A report by Digitalis, Social 360 and Signal-AI measured the following results: Media statistics show that Peace One Day received 2.1 times more coverage compared to 2019. Articles mentioning Peace One Day could have been read 9 billion times in total. This is 4.5 times higher than last year's figure. The biggest spike in coverage was during the day of the event, with 2,658 articles published worldwide. The Peace One Day website received 6,751 unique users from 141 Countries this is up from 1,300 unique users from 116 countries across the globe in 2019. Peace One Day founder was mentioned and/or quoted in 287 articles, 17.9 times more than 2019 (16 articles).

===Anti-Racism Live Global Digital Experience, 21 March 2021, the International Day for the Elimination of Racial Discrimination===
Peace One Day in association with the Office of the United Nations High Commissioner for Human Rights have produced the Anti-Racism Live Global Digital Experience on 21 March 2021, on the International Day for the Elimination of Racial Discrimination. Produced and Directed by Jeremy Gilley. The event featured speakers, actors, musicians and live interviews from around the world. With music from, Youssou N’dour, Mica Paris, Jack Savoretti, Zwai Bala, Emmanuel Jal, Izzy Bizu, Jesse Royal, Madame Gandhi, Popcaan. With readings from, Monique Coleman, Hakeem Kae-Kazim and Nathalie Emmanuel.

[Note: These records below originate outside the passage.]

(* Let $\mathcal{I}=\{p(\mathbf{x})(1-\sum_{i=1}^n x_i):p\in\mathbb{R}[\mathbf{x}]\}$, equip $\mathbb{R}[\mathbf{x}]/\mathcal{I}$ with the norm $\|f\|=\sup_{\mathbf{x}\in\Delta_{n-1}}|f(\mathbf{x})|$, where $\Delta_{n-1}=\{\mathbf{x}\in\mathbb{R}^n_+:x_1+\dots+x_n=1\}$, and let $L:\mathbb{R}[\mathbf{x}]/\mathcal{I}\to\mathbb{R}$ be a linear operator with $L(\mathbf{x}^\alpha)\ge 0$ for all $\alpha\in\mathbb{N}^n$ and $L(1)\le 1$. Then $L$ is continuous with respect to $\|\cdot\|$.
   Context: $\mathbb{R}[\mathbf{x}]=\mathbb{R}[x_1,\dots,x_n]$; $\mathbf{x}^\alpha=x_1^{\alpha_1}\cdots x_n^{\alpha_n}$. *)

From HB Require Import structures.
From mathcomp Require Import all_boot all_order all_algebra.
From mathcomp Require Import classical_sets reals.
From mathcomp Require Import mpoly.
Set Implicit Arguments. Unset Strict Implicit. Unset Printing Implicit Defensive.
Import Order.TTheory GRing.Theory Num.Theory.
Local Open Scope ring_scope.
Local Open Scope classical_set_scope.

Definition simplex (R : realType) (n : nat) : set ('I_n -> R) :=
  [set x | (forall i, 0 <= x i) /\ \sum_(i < n) x i = 1].

Definition simplex_gen (R : realType) (n : nat) : {mpoly R[n]} :=
  1 - \sum_(i < n) 'X_i.

(* Sup norm on the simplex: ||f|| = sup_{x in Delta} |f(x)|.
   It is well defined on R[x]/I since elements of I vanish on Delta. *)
Definition simplex_norm (R : realType) (n : nat) (f : {mpoly R[n]}) : R :=
  sup [set `|f.@[x]| | x in @simplex R n].

From HB Require Import structures.
From mathcomp Require Import all_boot all_order all_algebra.
From mathcomp Require Import classical_sets reals.
From mathcomp Require Import mpoly.
From mathcomp Require Import zify ring lra.
Import Order.TTheory GRing.Theory Num.Theory.
Set Implicit Arguments. Unset Strict Implicit.
Local Open Scope ring_scope.

(** For a word s : [N] -> [n] with empirical distribution freq(s) in the
    simplex, put Psi_N(p) = sum_s L(x_s1 ... x_sN) p(freq(s)).  The weights are
    nonnegative and, since L vanishes on the ideal, sum to
    L((x_1 + ... + x_n)^N) = L(1); hence |Psi_N(p)| <= L(1) ||p||.  On a
    monomial x_t of degree d, Psi_N(x_t) is an average over maps
    phi : [d] -> [N]; for injective phi the term collapses to
    L(x_t (x_1 + ... + x_n)^(N-d)) = L(x_t), and the non-injective phi form a
    fraction at most d^2/N.  So Psi_N(p) -> L(p), which gives
    |L(p)| <= L(1) ||p|| <= ||p||. *)

Lemma ffact_leq_exp (N d : nat) : (N ^_ d <= N ^ d)%N.
Proof.
elim: d => [|d IH] //; rewrite ffactnSr expnSr.
by apply: leq_mul => //; exact: leq_subr.
Qed.

Lemma ffact_exp_gap (N d : nat) : (N * (N ^ d - N ^_ d) <= d * d * N ^ d)%N.
Proof.
suff gap : (N * N ^ d <= N * N ^_ d + d * d * N ^ d)%N.
  by rewrite mulnBr leq_subLR.
elim: d => [|d IH]; first by rewrite ffactn0 expn0 muln1 addn0.
have step : (N * N ^_ d <= N ^_ d.+1 + d * N ^ d)%N.
  by rewrite ffactnSr; have := ffact_leq_exp N d; nia.
rewrite expnS; nia.
Qed.

Section Simplex.
Variables (R : realType) (n : nat).

Definition sumX : {mpoly R[n]} := \sum_(i < n) 'X_i.

Definition Xprod d (t : 'I_d -> 'I_n) : {mpoly R[n]} := \prod_(j < d) 'X_(t j).

Lemma Xprod_mpolyX d (t : 'I_d -> 'I_n) :
  Xprod t = 'X_[(\sum_(j < d) mnm1 (t j))%MM].
Proof.
by rewrite /Xprod (big_morph (fun m => 'X_[m]) (@mpolyXD _ _) (@mpolyX0 _ _)).
Qed.

Lemma Xprod_cat d1 d2 (t1 : 'I_d1 -> 'I_n) (t2 : 'I_d2 -> 'I_n) :
  Xprod t1 * Xprod t2 =
  Xprod (fun j => match split j with inl a => t1 a | inr b => t2 b end).
Proof.
rewrite /Xprod big_split_ord; congr (_ * _); apply: eq_bigr => j _.
  by rewrite (unsplitK (inl j)).
by rewrite (unsplitK (inr j)).
Qed.

Lemma mpolyX_Xprod (m : 'X_{1..n}) : exists d (t : 'I_d -> 'I_n), 'X_[m] = Xprod t.
Proof.
pose P q := exists d (t : 'I_d -> 'I_n), q = Xprod t.
have P1 : P 1 by exists 0%N, (ffun0 (card_ord 0)); rewrite /Xprod big_ord0.
have PM q1 q2 : P q1 -> P q2 -> P (q1 * q2).
  by move=> [d1 [t1 ->]] [d2 [t2 ->]]; rewrite Xprod_cat; do 2 eexists.
have PX i : P 'X_i by exists 1%N, (fun _ => i); rewrite /Xprod big_ord1.
rewrite mpolyXE_id; apply: (big_ind P) => // i _.
by elim: (m i) => [|k IH]; rewrite ?expr0 // exprS; apply: PM.
Qed.

Lemma sum_Xprod_match N d (t : 'I_d -> 'I_n) (phi : 'I_d -> 'I_N) : injective phi ->
  \sum_(s : {ffun 'I_N -> 'I_n} | [forall j, s (phi j) == t j]) Xprod s =
  Xprod t * sumX ^+ (N - d).
Proof.
(* Positions outside the image of phi are free; each contributes a factor sumX. *)
move=> phi_inj.
pose allowed k := [pred i : 'I_n | [forall j, (phi j == k) ==> (i == t j)]].
have -> : \sum_(s : {ffun 'I_N -> 'I_n} | [forall j, s (phi j) == t j]) Xprod s =
          \prod_(k < N) \sum_(i in allowed k) 'X_i.
  rewrite bigA_distr_big_dep /Xprod; apply: eq_bigl => s.
  apply/forallP/familyP => [h k | h j].
    by apply/forallP => j; apply/implyP => /eqP <-; exact: h.
  by have /forallP /(_ j) := h (phi j); rewrite eqxx.
rewrite (bigID (fun k => k \in phi @: [set: 'I_d])) /= big_imset /=; last first.
  by move=> ? ? _ _ /phi_inj.
congr (_ * _).
  apply: eq_big => [j|j _]; first by rewrite inE.
  apply: (big_pred1 (t j)) => i /=.
  apply/forallP/eqP => [/(_ j) | -> j']; first by rewrite eqxx => /eqP.
  by apply/implyP => /eqP /phi_inj ->.
rewrite (eq_bigr (fun _ => sumX)); last first.
  move=> k phik; apply: eq_bigl => i; apply/forallP => j; apply/implyP => /eqP phij.
  by move: phik; rewrite -phij imset_f.
rewrite prodr_const; congr (_ ^+ _).
apply: (canRL (addKn d)).
by have := cardC (mem (phi @: [set: 'I_d])); rewrite card_imset // cardsT !card_ord.
Qed.

Definition empirical N (s : 'I_N -> 'I_n) : 'I_n -> R :=
  fun i => (\sum_(k < N) ((s k == i)%:R : R)) / N%:R.

Lemma empirical_simplex N (s : 'I_N -> 'I_n) : (0 < N)%N -> simplex (empirical s).
Proof.
move=> N_gt0; split=> [i|].
  by rewrite divr_ge0 ?ler0n // sumr_ge0 // => k _; rewrite ler0n.
rewrite /empirical -mulr_suml exchange_big /=.
have hit k : \sum_(i < n) ((s k == i)%:R : R) = 1.
  rewrite (bigD1 (s k)) //= eqxx big1 ?addr0 // => i.
  by rewrite eq_sym => /negbTE ->.
by rewrite (eq_bigr _ (fun k _ => hit k)) sumr_const card_ord divff // pnatr_eq0 -lt0n.
Qed.

Lemma simplex_meval_ubound (p : {mpoly R[n]}) :
  has_ubound [set `|p.@[x]| | x in @simplex R n]%classic.
Proof.
exists (\sum_(m <- msupp p) `|p@_m|) => _ [x [x_ge0 x_sum1] <-].
have x_le1 i : x i <= 1 by rewrite -x_sum1 (bigD1 i) //= lerDl sumr_ge0.
rewrite mevalE; apply: le_trans (ler_norm_sum _ _ _) _.
apply: ler_sum => m _; rewrite normrM ler_piMr // normr_prod.
apply: prodr_ile1 => i _.
by rewrite normr_ge0 /= normrX exprn_ile1 // ger0_norm.
Qed.

Lemma le_simplex_norm (p : {mpoly R[n]}) x : simplex x -> `|p.@[x]| <= simplex_norm p.
Proof. by move=> Sx; apply: (ub_le_sup (simplex_meval_ubound p)); exists x. Qed.

Lemma simplex_norm_ge0 (p : {mpoly R[n]}) : 0 <= simplex_norm p.
Proof.
rewrite /simplex_norm.
set S := [set `|p.@[x]| | x in @simplex R n]%classic.
have [-> | /set0P [_ [x Sx _]]] := eqVneq S set0; first by rewrite sup0.
exact: le_trans (normr_ge0 _) (le_simplex_norm p Sx).
Qed.

End Simplex.

Arguments sumX {R n}.
Arguments Xprod {R n d} t.
Arguments empirical {R n N} s i.

Section PositiveFunctional.
Variables (R : realType) (n : nat) (L : {mpoly R[n]} -> R).
Hypothesis L_lin : forall (a : R) (p q : {mpoly R[n]}), L (a *: p + q) = a * L p + L q.

Lemma L0 : L 0 = 0.
Proof.
have := L_lin 1 0 0; rewrite scaler0 addr0 mul1r => L00.
by apply/eqP; rewrite -(subrr (L 0)) {2}L00 addrK.
Qed.

Lemma LD p q : L (p + q) = L p + L q.
Proof. by have := L_lin 1 p q; rewrite scale1r mul1r. Qed.

Lemma LZ a p : L (a *: p) = a * L p.
Proof. by have := L_lin a p 0; rewrite !addr0 L0 addr0. Qed.

Lemma LB p q : L (p - q) = L p - L q.
Proof. by rewrite -scaleN1r LD LZ mulN1r. Qed.

Lemma L_sum (I : Type) (r : seq I) (P : pred I) (F : I -> {mpoly R[n]}) :
  L (\sum_(i <- r | P i) F i) = \sum_(i <- r | P i) L (F i).
Proof. exact: (big_morph L LD L0). Qed.

Hypothesis L_I : forall p : {mpoly R[n]}, L (p * @simplex_gen R n) = 0.

Lemma L_mulsumX q : L (q * sumX) = L q.
Proof.
have := L_I q; rewrite /simplex_gen mulrBr mulr1 LB => /eqP.
by rewrite subr_eq0 => /eqP <-.
Qed.

Lemma L_mulsumXn q k : L (q * sumX ^+ k) = L q.
Proof. by elim: k => [|k IH]; rewrite ?expr0 ?mulr1 // exprSr mulrA L_mulsumX. Qed.

Hypothesis L_mon : forall m : 'X_{1..n}, 0 <= L 'X_[m].

Lemma L1_ge0 : 0 <= L 1.
Proof. by rewrite -(@mpolyX0 n R). Qed.

Lemma L_Xprod_ge0 d (t : 'I_d -> 'I_n) : 0 <= L (Xprod t).
Proof. by rewrite Xprod_mpolyX. Qed.

Definition Lempirical N (p : {mpoly R[n]}) : R :=
  \sum_(s : {ffun 'I_N -> 'I_n}) L (Xprod s) * p.@[empirical s].

Lemma sum_L_Xprod N : \sum_(s : {ffun 'I_N -> 'I_n}) L (Xprod s) = L 1.
Proof.
rewrite -[in RHS](L_mulsumXn 1 N) mul1r -L_sum; congr L.
by rewrite -[N in sumX ^+ N]card_ord -prodr_const /sumX bigA_distr_bigA.
Qed.

Lemma Lempirical0 N : Lempirical N 0 = 0.
Proof. by rewrite /Lempirical big1 // => s _; rewrite meval0 mulr0. Qed.

Lemma LempiricalDZ N c (q p : {mpoly R[n]}) :
  Lempirical N (c *: q + p) = c * Lempirical N q + Lempirical N p.
Proof.
rewrite /Lempirical mulr_sumr -big_split; apply: eq_bigr => s _ /=.
by rewrite mevalD mevalZ; ring.
Qed.

Lemma norm_Lempirical_le N p : (0 < N)%N -> `|Lempirical N p| <= L 1 * simplex_norm p.
Proof.
move=> N_gt0; rewrite /Lempirical -(sum_L_Xprod N) mulr_suml.
apply: le_trans (ler_norm_sum _ _ _) _; apply: ler_sum => s _.
rewrite normrM ger0_norm ?L_Xprod_ge0 // ler_wpM2l ?L_Xprod_ge0 //.
exact/le_simplex_norm/empirical_simplex.
Qed.

Definition Lmatch N d (t : 'I_d -> 'I_n) (phi : 'I_d -> 'I_N) : R :=
  \sum_(s : {ffun 'I_N -> 'I_n})
    L (Xprod s) * \prod_(j < d) ((s (phi j) == t j)%:R : R).

Lemma Lmatch_bounds N d (t : 'I_d -> 'I_n) (phi : 'I_d -> 'I_N) :
  0 <= Lmatch t phi <= L 1.
Proof.
have indicator01 (s : {ffun 'I_N -> 'I_n}) :
    0 <= \prod_(j < d) ((s (phi j) == t j)%:R : R) <= 1.
  rewrite prodr_ge0 => [|j _]; last by rewrite ler0n.
  by rewrite prodr_ile1 // => j _; rewrite ler0n lern1 leq_b1.
rewrite -(sum_L_Xprod N) sumr_ge0 => [|s _] /=; last first.
  by rewrite mulr_ge0 ?L_Xprod_ge0 //; case/andP: (indicator01 s).
apply: ler_sum => s _.
by rewrite ler_piMr ?L_Xprod_ge0 //; case/andP: (indicator01 s).
Qed.

Lemma Lmatch_inj N d (t : 'I_d -> 'I_n) (phi : 'I_d -> 'I_N) :
  injective phi -> Lmatch t phi = L (Xprod t).
Proof.
move=> phi_inj; rewrite -(L_mulsumXn _ (N - d)) -(sum_Xprod_match _ t phi_inj).
rewrite L_sum [RHS]big_mkcond /=; apply: eq_bigr => s _.
case: (boolP [forall j, s (phi j) == t j]) => [/forallP st | /forallPn [j sjt]].
  by rewrite big1 ?mulr1 // => j _; rewrite st.
by rewrite (bigD1 j) //= (negbTE sjt) mul0r mulr0.
Qed.

Lemma Lempirical_Xprod N d (t : 'I_d -> 'I_n) :
  Lempirical N (Xprod t) = (\sum_(phi : {ffun 'I_d -> 'I_N}) Lmatch t phi) / (N ^ d)%:R.
Proof.
rewrite /Lempirical /Lmatch exchange_big mulr_suml /=; apply: eq_bigr => s _.
rewrite -mulr_sumr -mulrA; congr (_ * _).
rewrite /Xprod rmorph_prod /=; under eq_bigr do rewrite mevalXU.
rewrite /empirical big_split /= prodr_const card_ord bigA_distr_bigA.
by rewrite natrX exprVn.
Qed.

Lemma Lempirical_Xprod_err N d (t : 'I_d -> 'I_n) : (0 < N)%N -> (d <= N)%N ->
  `|L (Xprod t) - Lempirical N (Xprod t)| <= L 1 * (d * d)%:R / N%:R.
Proof.
move=> N_gt0 le_dN.
have Nd_gt0 : 0 < (N ^ d)%:R :> R by rewrite ltr0n expn_gt0 N_gt0.
have /andP [Lt_ge0 Lt_leL1] : 0 <= L (Xprod t) <= L 1.
  have widen_inj : injective (widen_ord le_dN).
    by move=> j k /(congr1 val) /= /val_inj.
  by rewrite -(Lmatch_inj t widen_inj) Lmatch_bounds.
set inj := [set phi : {ffun 'I_d -> 'I_N} | injectiveb phi].
have card_noninj : #|~: inj| = (N ^ d - N ^_ d)%N.
  apply: (canRL (addKn _)).
  by have := cardsC inj; rewrite card_inj_ffuns card_ffun !card_ord.
have -> : L (Xprod t) = (\sum_(phi : {ffun 'I_d -> 'I_N}) L (Xprod t)) / (N ^ d)%:R.
  by rewrite sumr_const card_ffun !card_ord -[L _ *+ _]mulr_natr mulfK // lt0r_neq0.
rewrite Lempirical_Xprod -mulrBl -sumrB (bigID (fun phi => phi \in inj)) /=.
rewrite big1 ?add0r => [|phi]; last first.
  by rewrite inE => /injectiveP /(Lmatch_inj t) ->; rewrite subrr.
have noninj_err : `|\sum_(phi | phi \notin inj) (L (Xprod t) - Lmatch t phi)|
                  <= L 1 * (N ^ d - N ^_ d)%:R.
  rewrite -card_noninj -sumr_const mulr_sumr.
  rewrite [X in _ <= X](eq_bigl (fun phi => phi \notin inj)) => [|phi]; last first.
    by rewrite inE.
  apply: le_trans (ler_norm_sum _ _ _) _; apply: ler_sum => phi _.
  have /andP [? ?] := Lmatch_bounds t phi.
  rewrite mulr1 ler_norml; apply/andP; split; lra.
rewrite normrM normfV normr_nat ler_pdivrMr // (le_trans noninj_err) //.
rewrite -!mulrA ler_wpM2l ?L1_ge0 // mulrCA mulrC ler_pdivlMr ?ltr0n //.
by rewrite -!natrM ler_nat mulnC ffact_exp_gap.
Qed.

Lemma Lempirical_err p :
  exists2 C, 0 <= C & exists D, forall N, (0 < N)%N -> (D <= N)%N ->
    `|L p - Lempirical N p| <= C / N%:R.
Proof.
elim/mpolyind: p => [|c m p _ _ [C C_ge0 [D errp]]].
  by exists 0 => //; exists 0%N => N _ _; rewrite L0 Lempirical0 subrr normr0 mul0r.
have [d [t ->]] := mpolyX_Xprod R m.
exists (`|c| * (L 1 * (d * d)%:R) + C); first by rewrite addr_ge0 // !mulr_ge0 ?L1_ge0.
exists (maxn d D) => N N_gt0; rewrite geq_max => /andP [le_dN le_DN].
rewrite LempiricalDZ LD LZ.
have -> : c * L (Xprod t) + L p - (c * Lempirical N (Xprod t) + Lempirical N p)
    = c * (L (Xprod t) - Lempirical N (Xprod t)) + (L p - Lempirical N p) by ring.
apply: le_trans (ler_normD _ _) _.
rewrite mulrDl normrM -mulrA; apply: lerD; last exact: errp.
by rewrite ler_wpM2l // Lempirical_Xprod_err.
Qed.

Lemma norm_L_le p : `|L p| <= L 1 * simplex_norm p.
Proof.
have [C C_ge0 [D errp]] := Lempirical_err p.
apply/ler_addgt0Pr => e e_gt0.
pose N := maxn (maxn D 1) (Num.bound (C / e)).
have N_gt0 : (0 < N)%N by rewrite !leq_max orbT.
have le_DN : (D <= N)%N by rewrite !leq_max leqnn.
have C_N_le : C / N%:R <= e.
  rewrite ler_pdivrMr ?ltr0n // mulrC -ler_pdivrMr //.
  apply/ltW/(lt_le_trans (archi_boundP _)); first by rewrite divr_ge0 // ltW.
  by rewrite ler_nat !leq_max leqnn orbT.
have := errp N N_gt0 le_DN.
have := norm_Lempirical_le p N_gt0.
have := ler_normD (Lempirical N p) (L p - Lempirical N p); rewrite addrC subrK.
lra.
Qed.

End PositiveFunctional.

Theorem lemma4 (R : realType) (n : nat) (L : {mpoly R[n]} -> R)
  (L_lin : forall (a : R) (p q : {mpoly R[n]}), L (a *: p + q) = a * L p + L q)
  (L_I : forall p : {mpoly R[n]}, L (p * @simplex_gen R n) = 0)
  (L_mon : forall m : 'X_{1..n}, 0 <= L 'X_[m])
  (L_one : L 1 <= 1) :
  forall (f : {mpoly R[n]}) (eps : R), 0 < eps ->
    exists2 delta : R, 0 < delta &
      forall g : {mpoly R[n]}, simplex_norm (g - f) < delta -> `|L g - L f| < eps.
Proof.
move=> f eps eps_gt0; exists eps => // g near_f.
rewrite -(LB L_lin); apply: le_lt_trans near_f.
apply: le_trans (norm_L_le L_lin L_I L_mon (g - f)) _.
by rewrite ler_piMl // simplex_norm_ge0.
Qed.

A report by Digitalis, Social 360 and Signal-AI measured the following results: The Anti-Racism Live Global Digital Experience on Twitter saw fantastic engagement with a total of 310,566 views. The International Day for the Elimination of Racial Discrimination was mentioned in 6,302 articles from 14 to 28 March 2021 – volume of coverage is 10.9 times bigger compared to the coverage received last year during the same time period. On 21 March 2021, there were 2,566 articles mentioning the International Day for the Elimination of Racial Discrimination – 2,106 of these were neutral and 460 were positive. The hashtag #FightRacismsaw the largest engagement on Twitter, appearing in 65,736 tweets followed by #Standup4humanrights (15,377 tweets) and #GlobalGoals (13,571 tweets) (data for the date range 14–28 March 2021).

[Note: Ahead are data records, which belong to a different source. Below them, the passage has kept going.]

Lemma Phi_drop_split :
  Phi (fun k => A k :\ m) = \sum_y U y * U (swap m y).
Proof.
apply: eq_bigr => y _; rewrite (big_pair_toggle _ m); congr (_ * _).
  apply: eq_bigr => c mc; congr phi; apply/ffunP=> k; rewrite !ffunE.
  congr (y (k, _)); apply/setP => x; rewrite !inE.
  by case: (x =P m) => [->|]; rewrite ?(negbTE mc) ?andbF.
apply: eq_bigr => c mc; congr phi; apply/ffunP=> k; rewrite !ffunE /=.
rewrite tog_notin ?inE ?(negbTE mc) ?andbF //; congr (y (k, _)).
by apply/setP => x; rewrite !inE; case: (x =P m).
Qed.

Lemma U_merge_low y z : U (merge low y z) = U y.
Proof.
apply: eq_bigr => c mc; congr phi; apply/ffunP=> k.
by rewrite !ffunE /low /= inE (negbTE mc) andbF.
Qed.

Lemma U_swap_merge_low y z : U (swap m (merge low y z)) = U (swap m z).
Proof.
apply: eq_bigr => c mc; congr phi; apply/ffunP=> k.
by rewrite !ffunE /low /= in_tog inE (negbTE mc) andbF.
Qed.

(* After dropping m the two halves are independent: Phi is a square. *)
Lemma Phi_drop_sq : N * Phi (fun k => A k :\ m) = (\sum_y U y) ^+ 2.
Proof.
rewrite Phi_drop_split -(sum_merge_indep (P := low)) ?sum_swap ?expr2 //.
  exact: U_merge_low.
exact: U_swap_merge_low.
Qed.

Definition slice (y : Pt) : R := \sum_z U (merge ignoring y z).

Lemma sum_slice : \sum_y slice y = N * \sum_y U y.
Proof. exact: sum_merge. Qed.

Lemma sum_slice_sq : \sum_y slice y ^+ 2 = N * (N * Phi A).
Proof.
rewrite Phi_split -(sum_merge ignoring) big_distrr /=; apply: eq_bigr => y _.
rewrite expr2 /slice -[X in _ * X](sum_swap m).
have low_only z z' :
    U (merge ignoring y (merge low z z')) = U (merge ignoring y z).
  apply: eq_bigr => c mc; congr phi; apply/ffunP=> k.
  by rewrite !ffunE /ignoring /low /=; case: ifP; rewrite ?inE ?(negbTE mc) ?andbF.
have high_only z z' :
    U (merge ignoring y (swap m (merge low z z'))) = U (merge ignoring y (swap m z')).
  apply: eq_bigr => c mc; congr phi; apply/ffunP=> k.
  rewrite !ffunE /ignoring /low /=; case: ifP => // _.
  by rewrite in_tog inE (negbTE mc) andbF.
rewrite (sum_merge_indep low_only high_only); congr (_ * _).
apply: eq_bigr => z _; congr (_ * U _).
by apply/ffunP=> -[k c]; rewrite !ffunE /ignoring /=; case: ifP.
Qed.

Lemma Phi_drop_le : Phi (fun k => A k :\ m) <= Phi A.
Proof.
have Npos : 0 < N by rewrite ltr0n card_ffun expn_gt0 card_bool.
have := sum_sqr_le slice; rewrite sum_slice sum_slice_sq exprMn -Phi_drop_sq.
by rewrite expr2 -!mulrA !ler_pM2l.
Qed.

End Drop.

=== Climate Action Live Global Digital Experience, 21 June 2021 ===
Peace One Day are producing Climate Action Live on 21 June 2021.

==Filmmaking==

===Domestic Violence Awareness===
Since 2019, Peace One Day Productions have been making films for Avon, telling stories of gender-based violence survivors. These films are directed and produced by Jeremy Gilley.

==Awards==
•	Africa Peace Award – Africa regional body of the United Religions Initiative (URI) 2015
•	Lennon-Ono Grant for Peace in Reyjkavik 2014
•	Champion of Peace Award at the Sahara Balkan Peace Festival – 4 October 2013
•	IVCA Fellowship – 19 October 2011
•	Carnegie-Wateler Peace Prize 2010 in The Hague – 1 December 2010
•	Cinema for Peace 2009 – Most Inspirational Movie of the Year (The Day After Peace)
•	Geneva Cinema Vérité – Cinema Vérité Award (The Day After Peace)
•	Zimbabwe International Film Festival – Best Documentary Award (The Day After Peace)
•	Britain's Best Award 2008 (Campaigner of the Year)
•	IVCA Clarion Award Winner 2008 – Champion Award
•	James Hammerstein Award 2006

==Impact Profile==
Impact Profile is a social media platform created by Chelsea Apps, for individuals who wish to measure and showcase their own positive social contribution, to create a legacy of peace and sustainability for future generations, to inspire other people globally to achieve a positive social impact and help realise the UN's Global Goals.

Impact Profile was launched at the Oxford Union, Oxford University, UK on Sunday 14 October 2018, by founder Jeremy Gilley and Peace One Day Ambassador Jude Law, along with the President of the Oxford Union, Stephen Horvath. Notable attendants included Professor Kalypso Nicolaidis and Oxford's Lord Mayor Cook.